They seem to think nothing of Spain, with its eleven millions of people, being in fact added to France. Wholly insensible do they appear to concerns of this sort, while they sit thinking, day and night, upon the price of the bushel of wheat!

However, they are not, after all, such fools as they appear to be.

Despicable, indeed, must be that nation, whose safety or whose happiness does, in any degree, depend on so fluctuating a thing as the price of corn. This is a matter that we must take as it comes. The seasons will be what they will be; and all the calculations of statesmen must be made wholly independent of the changes and chances of seasons. This has always been the case, to be sure. What nation could ever carry on its affairs, if it had to take into consideration the price of corn?

Nevertheless, such is the situation of _our Government_, that its very existence, in its present way, depends upon the price of corn. The pretty fellows at Whitehall, if you may say to them: Well, but look at Spain; look at the enormous strides of the French; think of the consequences in case of another war; look, too, at the growing marine of America. See, Mr. Jenkinson, see, Mr. Canning, see, Mr. Huskisson, see, Mr. Peel, and all ye tribe of Grenvilles, see, what tremendous dangers are gathering together about us! "_Us!_" Aye, about _you_; but pray think what tremendous dangers wheat at four shillings a bushel will bring about _us_! This is the git. Here lies the whole of it. We laugh at a Government employing itself in making calculations about the price of corn, and in employing its press to put forth market puffs. We laugh at these things; but we should not laugh, if we considered, that it is on the price of wheat that the duration of the power and the profits of these men depends. They know what they want; and they wish to believe themselves, and to make others believe, that they shall have it. I have observed before, but it is necessary to observe again, that all those who are for the System, let them be Opposition or not Opposition, feel as Whitehall feels about the price of corn. I have given an instance, in the "tall soul;" but it is the same with the whole of them, with the whole of those who do not wish to see this infernal System changed. I was informed, and I believe it to be true, that the Marquis of Lansdowne said, last April, when the great rise took place in the price of corn, that he had always thought that the cash-measures had but little effect on prices; but that he was now satisfied that those measures had no effect at all on prices! Now, what is our situation; what is the situation of this country, if we must have the present Ministry, or a Ministry of which the Marquis of Lansdowne is to be a Member, if the Marquis of Lansdowne did utter these words? And again, I say, that I verily believe he did utter them.

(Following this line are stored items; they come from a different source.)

(* Let $d\ge 3$, let $\mathcal M$ be a model of $\mathrm{PQM}_d$ with domain $\mathbb M$, and let $\kappa:\mathbb M\to\mathbb H_d$ be the function such that for all $m\in\mathbb M$, $p\in\mathbb H_d$: $[m:p]^{\mathcal M}\iff\kappa(m)\le p$. Then $\kappa$ is a strong $\mathcal L_d$-morphism from $\mathcal M$ to $\mathcal H_d$; that is, for all $m\in\mathbb M$: (1) for all $p\in\mathbb H_d$, $[m:p]^{\mathcal M}\iff[\kappa(m):p]^{\mathcal H_d}$; (2) for all $q\in\mathbb H_d$, $\kappa(\pi_q^{\mathcal M}(m))=\kappa(m)\,\&\,q$; (3) for all $U\in\mathbb U_d$, $\kappa(u_U^{\mathcal M}(m))=U(\kappa(m))$.
   Context: Notation. For $d\ge 1$, $\mathbb H_d$ is the set of complex linear subspaces of $\mathbb C^d$, ordered by inclusion $\le$, with $\top=\mathbb C^d$, $\bot=\{0\}$, $p^\bot$ the orthogonal complement, $p\wedge q=p\cap q$ and $p\vee q=p+q$. $\mathbb U_d$ is the set of unitary operators on $\mathbb C^d$, and for $U\in\mathbb U_d$, $p\in\mathbb H_d$, $U(p)=\{Uv: v\in p\}$. The Sasaki projection is $p\,\&\,q := q\cap(q^\bot+p)$. Subspaces $p,q$ are compatible iff $p=(p\wedge q)\vee(p\wedge q^\bot)$. Language $\mathcal L_d$: a first-order language without equality and without constants, having a unary function symbol $u_U$ for each $U\in\mathbb U_d$, a unary function symbol $\pi_q$ for each $q\in\mathbb H_d$, and a unary relation symbol $[\,\cdot:p]$ for each $p\in\mathbb H_d$. Theory $\mathrm{PQM}_d$ (over $\mathcal L_d$) has the following axioms, for all $p,q\in\mathbb H_d$ and $U\in\mathbb U_d$: ($\neg\bot$) $\exists x\,\neg[x:\bot]$; ($\top$) $\forall x\,[x:\top]$; ($\le$) if $p\le q$: $\forall x\,([x:p]\to[x:q])$; ($\wedge$) if $p,q$ are compatible: $\forall x\,([x:p]\wedge[x:q]\to[x:p\wedge q])$; ($\pi_i$) $\forall x\,([x:p]\to[\pi_q(x):p\,\&\,q])$; ($\pi_c$) if $p\le q$: $\forall x\,([\pi_p(\pi_q(x)):\bot]\to[\pi_p(x):\bot])$; ($\pi_\bot$) $\forall x\,([\pi_q(x):\bot]\to[x:q^\bot])$; ($u_i$) $\forall x\,([x:p]\to[u_U(x):U(p)])$; ($u_e$) $\forall x\,([u_U(x):p]\to[x:U^{-1}(p)])$. Hilbert model $\mathcal H_d$: the $\mathcal L_d$-structure with domain $\mathbb H_d$, $u_U^{\mathcal H_d}(x)=U(x)$, $\pi_q^{\mathcal H_d}(x)=x\,\&\,q$, and $[x:p]^{\mathcal H_d}$ holds iff $x\le p$. *)

(* C^d is modelled as row vectors 'rV[C]_d with
   C := Stdlib's reals R (a real closed field via Rstruct) adjoined i,
   i.e. the field of complex numbers R[i] (real_closed/complex.v). *)
From HB Require Import structures.
From mathcomp Require Import all_boot all_order all_algebra.
From mathcomp Require Import complex.
From mathcomp Require Import Rstruct.
From Stdlib Require Import Reals.

Set Implicit Arguments.
Unset Strict Implicit.
Unset Printing Implicit Defensive.

Import Order.TTheory GRing.Theory Num.Theory.
Local Open Scope ring_scope.

Definition CC : numClosedFieldType := (Rdefinitions.R)[i].

(* A subspace is represented by the
   canonical square matrix <<A>> whose row space is that subspace, so that
   Leibniz equality in [Hd d] is equality of subspaces. *)
Definition Hd (d : nat) := {A : 'M[CC]_d | <<A>>%MS == A}.

Lemma genmx_canon (d : nat) (A : 'M[CC]_d) : <<(<<A>>%MS)>>%MS == <<A>>%MS.
Proof. by rewrite genmx_id. Qed.

Definition spanH (d : nat) (A : 'M[CC]_d) : Hd d :=
  exist _ <<A>>%MS (genmx_canon A).

Definition H_le (d : nat) (p q : Hd d) : Prop := (val p <= val q)%MS.
Definition H_top (d : nat) : Hd d := spanH (1%:M : 'M[CC]_d).
Definition H_bot (d : nat) : Hd d := spanH (0 : 'M[CC]_d).
Definition H_meet (d : nat) (p q : Hd d) : Hd d := spanH (val p :&: val q)%MS.
Definition H_join (d : nat) (p q : Hd d) : Hd d := spanH (val p + val q)%MS.

(* Orthogonal complement w.r.t. the standard Hermitian inner product
   <u,v> = sum_i u_i conj(v_i)  (sesquilinear.v's orthomx with form 1). *)
Definition H_perp (d : nat) (p : Hd d) : Hd d :=
  spanH (orthomx Num.conj (1%:M : 'M[CC]_d) (val p)).

Definition sasaki (d : nat) (p q : Hd d) : Hd d :=
  H_meet q (H_join (H_perp q) p).

Definition compatible (d : nat) (p q : Hd d) : Prop :=
  p = H_join (H_meet p q) (H_meet p (H_perp q)).

(* U_d : unitary operators on C^d, given by their matrix (acting on column
   vectors: v |-> U v). *)
Definition Ud (d : nat) := {U : 'M[CC]_d | U \is unitarymx}.

(* U(p) = { U v : v in p }; for row vectors v this is v *m U^T. *)
Definition H_act (d : nat) (U : 'M[CC]_d) (p : Hd d) : Hd d :=
  spanH (val p *m U^T).
Definition u_app (d : nat) (U : Ud d) (p : Hd d) : Hd d := H_act (val U) p.
Definition u_inv_app (d : nat) (U : Ud d) (p : Hd d) : Hd d :=
  H_act (invmx (val U)) p.

Record Lstructure (d : nat) := {
  Ldom :> Type;
  u_fun : Ud d -> Ldom -> Ldom;
  pi_fun : Hd d -> Ldom -> Ldom;
  Lrel : Ldom -> Hd d -> Prop  (* Lrel x p  is  [x : p] *)
}.

Definition PQM_model (d : nat) (M : Lstructure d) : Prop :=
  (exists x : M, ~ Lrel x (H_bot d)) /\
  (forall x : M, Lrel x (H_top d)) /\
  (forall p q : Hd d, H_le p q -> forall x : M, Lrel x p -> Lrel x q) /\
  (forall p q : Hd d, compatible p q ->
     forall x : M, Lrel x p -> Lrel x q -> Lrel x (H_meet p q)) /\
  (forall p q : Hd d, forall x : M, Lrel x p -> Lrel (pi_fun q x) (sasaki p q)) /\
  (forall p q : Hd d, H_le p q ->
     forall x : M, Lrel (pi_fun p (pi_fun q x)) (H_bot d) ->
                   Lrel (pi_fun p x) (H_bot d)) /\
  (forall q : Hd d, forall x : M, Lrel (pi_fun q x) (H_bot d) -> Lrel x (H_perp q)) /\
  (forall (p : Hd d) (U : Ud d) (x : M), Lrel x p -> Lrel (u_fun U x) (u_app U p)) /\
  (forall (p : Hd d) (U : Ud d) (x : M), Lrel (u_fun U x) p -> Lrel x (u_inv_app U p)).

Definition Hilbert_model (d : nat) : Lstructure d :=
  {| Ldom := Hd d;
     u_fun := fun U x => u_app U x;
     pi_fun := fun q x => sasaki x q;
     Lrel := fun x p => H_le x p |}.

Definition strong_morphism (d : nat) (M N : Lstructure d) (f : M -> N) : Prop :=
  forall m : M,
    (forall p : Hd d, Lrel m p <-> Lrel (f m) p) /\
    (forall q : Hd d, f (pi_fun q m) = pi_fun q (f m)) /\
    (forall U : Ud d, f (u_fun U m) = u_fun U (f m)).

(* Write a := kappa m and k := kappa (pi_q m).  Axiom (pi_i) gives
   k <= a & q, in particular k <= q.  Conversely let p := q /\ k^perp.  Since k <= p^perp, the
   Sasaki projection k & p is 0, so (pi_i) gives [pi_p (pi_q m) : bot];
   (pi_c) and (pi_bot) then turn this into [m : p^perp], i.e. a <= p^perp.
   Hence a & q <= q /\ p^perp, which is k by the orthomodular law.
   Unitaries are simpler: (u_i) gives kappa (u_U m) <= U(a) and (u_e) gives
   a <= U^-1(kappa (u_U m)). *)
From mathcomp Require Import all_boot all_order all_algebra.
From mathcomp Require Import sesquilinear spectral.

Set Implicit Arguments.
Unset Strict Implicit.
Unset Printing Implicit Defensive.
Import Num.Def.
Local Open Scope ring_scope.

Section OrthomodularLaw.
Variables (C : numClosedFieldType) (n : nat).
Local Notation "B ^!" := (orthomx conjC (hermitian1mx n) B) : matrix_set_scope.

Lemma orthomodular_capmx (K Q : 'M[C]_n) : (K <= Q)%MS ->
  (Q :&: (Q :&: K^!)^! <= K)%MS.
Proof.
move=> KQ; set P := (Q :&: K^!)%MS.
have KP : (K <= P^!)%MS by rewrite orthomx_sym capmxSr.
have QKP : (Q <= K + P)%MS.
  rewrite /P capmxC (matrix_modl _ KQ) sub_capmx submx_refl andbT.
  by rewrite (addsmx_ortho K) submx1.
apply: submx_trans (_ : (Q :&: P^! <= (K + P) :&: P^!)%MS) _.
  by rewrite capmxS.
by rewrite -(matrix_modl _ KP) orthomx_ortho_disj addsmx0.
Qed.

End OrthomodularLaw.

Section SubspaceLattice.
Variable d : nat.
Local Notation "B ^!" := (orthomx conjC (hermitian1mx d) B) : matrix_set_scope.
Implicit Types (p q a k : Hd d) (U : Ud d).

Lemma H_le_refl p : H_le p p.
Proof. exact: submx_refl. Qed.

Lemma H_le_trans p q r : H_le p q -> H_le q r -> H_le p r.
Proof. exact: submx_trans. Qed.

Lemma H_le_anti p q : H_le p q -> H_le q p -> p = q.
Proof.
move=> pq qp; apply: val_inj; rewrite -(eqP (valP p)) -(eqP (valP q)).
by apply/genmxP; rewrite /eqmx pq qp.
Qed.

Lemma val_perp p : (val (H_perp p) :=: (val p)^!)%MS.
Proof. exact: genmxE. Qed.

Lemma val_meet p q : (val (H_meet p q) :=: val p :&: val q)%MS.
Proof. exact: genmxE. Qed.

Lemma val_sasaki p q : (val (sasaki p q) :=: val q :&: ((val q)^! + val p))%MS.
Proof.
apply: eqmx_trans (genmxE _) _; apply: cap_eqmx => //.
by apply: eqmx_trans (genmxE _) _; apply: adds_eqmx => //; apply: val_perp.
Qed.

Lemma H_le_bot p : H_le p (H_bot d) <-> (val p <= (0 : 'M[CC]_d))%MS.
Proof. by rewrite /H_le genmxE. Qed.

Lemma sasaki_le p q : H_le (sasaki p q) q.
Proof. by rewrite /H_le val_sasaki capmxSl. Qed.

Lemma sasaki_bot_of_perp p q : H_le p (H_perp q) -> H_le (sasaki p q) (H_bot d).
Proof.
rewrite /H_le val_perp => pq; apply/H_le_bot.
rewrite val_sasaki -(orthomx_ortho_disj (val q)) capmxS //.
by rewrite addsmx_sub submx_refl.
Qed.

Lemma sasaki_le_of_perp_meet a q k : H_le k q ->
  H_le a (H_perp (H_meet q (H_perp k))) -> H_le (sasaki a q) k.
Proof.
rewrite /H_le => kq.
have meet_perp : (val (H_meet q (H_perp k)) :=: val q :&: (val k)^!)%MS.
  by apply: eqmx_trans (val_meet _ _) _; apply: cap_eqmx => //; apply: val_perp.
rewrite val_perp (eqmx_ortho _ meet_perp) => ap.
apply: submx_trans (orthomodular_capmx kq).
by rewrite val_sasaki capmxS // addsmx_sub ap andbT submx_ortho capmxSl.
Qed.

Lemma u_app_le_of_le_inv a k U : H_le a (u_inv_app U k) -> H_le (u_app U a) k.
Proof.
have Uunit : val U \in unitmx by apply: unitarymx_unit; exact: valP.
rewrite /H_le /u_app /u_inv_app /H_act !genmxE => /(submxMr (val U)^T).
by rewrite -mulmxA -trmx_mul mulmxV // trmx1 mulmx1.
Qed.

End SubspaceLattice.

Section Representation.
Variables (d : nat) (M : Lstructure d) (kappa : M -> Hd d).
Hypothesis kappaP : forall (m : M) (p : Hd d), Lrel m p <-> H_le (kappa m) p.

Lemma Lrel_kappa (m : M) : Lrel m (kappa m).
Proof. exact/kappaP/H_le_refl. Qed.

Section Projections.
Hypothesis pi_i : forall (p q : Hd d) (x : M),
  Lrel x p -> Lrel (pi_fun q x) (sasaki p q).
Hypothesis pi_c : forall p q : Hd d, H_le p q -> forall x : M,
  Lrel (pi_fun p (pi_fun q x)) (H_bot d) -> Lrel (pi_fun p x) (H_bot d).
Hypothesis pi_bot : forall (q : Hd d) (x : M),
  Lrel (pi_fun q x) (H_bot d) -> Lrel x (H_perp q).

Lemma kappa_pi (m : M) (q : Hd d) : kappa (pi_fun q m) = sasaki (kappa m) q.
Proof.
set a := kappa m; set k := kappa (pi_fun q m).
have k_le : H_le k (sasaki a q) by apply/kappaP/pi_i/Lrel_kappa.
have kq : H_le k q := H_le_trans k_le (sasaki_le a q).
set p := H_meet q (H_perp k).
have pq : H_le p q by rewrite /H_le val_meet capmxSl.
have kp : H_le k (H_perp p).
  by rewrite /H_le val_perp orthomx_sym val_meet -val_perp capmxSr.
have ppq_bot : Lrel (pi_fun p (pi_fun q m)) (H_bot d).
  apply/kappaP/(H_le_trans _ (sasaki_bot_of_perp kp)).
  exact/kappaP/pi_i/Lrel_kappa.
have ap : H_le a (H_perp p) by apply/kappaP/pi_bot/(pi_c pq).
exact: H_le_anti k_le (sasaki_le_of_perp_meet kq ap).
Qed.

End Projections.

Section Unitaries.
Hypothesis u_i : forall (p : Hd d) (U : Ud d) (x : M),
  Lrel x p -> Lrel (u_fun U x) (u_app U p).
Hypothesis u_e : forall (p : Hd d) (U : Ud d) (x : M),
  Lrel (u_fun U x) p -> Lrel x (u_inv_app U p).

Lemma kappa_u (m : M) (U : Ud d) : kappa (u_fun U m) = u_app U (kappa m).
Proof.
apply: H_le_anti; first exact/kappaP/u_i/Lrel_kappa.
exact/u_app_le_of_le_inv/kappaP/u_e/Lrel_kappa.
Qed.

End Unitaries.
End Representation.

(* The bound d >= 3 only matters for the existence of kappa (Gleason's
   theorem), which is part of the hypotheses here. *)
Theorem mainTheorem11 (d : nat) (hd : (3 <= d)%N)
  (M : Lstructure d) (HM : PQM_model M)
  (kappa : M -> Hd d)
  (Hkappa : forall (m : M) (p : Hd d), Lrel m p <-> H_le (kappa m) p) :
  strong_morphism (N := Hilbert_model d) kappa.
Proof.
case: HM => _ [_ [_ [_ [pi_i [pi_c [pi_bot [u_i u_e]]]]]]] m.
split; [exact: Hkappa | split=> ? /=].
- exact: kappa_pi.
- exact: kappa_u.
Qed.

Ours is a Government that now seems to depend very much upon the _weather_. The old type of a ship at sea will not do now, ours is a weather Government; and to know the state of it, we must have recourse to those gla.s.ses that the Jews carry about. Weather depends upon the winds, in a great measure; and I have no scruple to say, that the situation of those two Right Honourable youths, that are now gone to the Lakes in the north; that their situation, next winter, will be rendered very irksome, not to say perilous, by the present easterly wind, if it should continue about fifteen days longer. Pitt, when he had just made a monstrous issue of paper, and had, thereby, actually put the match which blowed up the old She Devil in 1797--Pitt, at that time, congratulated the nation, that the wisdom of Parliament had established a solid system of finance. Anything but solid it a.s.suredly was; but his system of finance was as worthy of being called solid, as that system of Government which now manifestly depends upon the weather and the winds.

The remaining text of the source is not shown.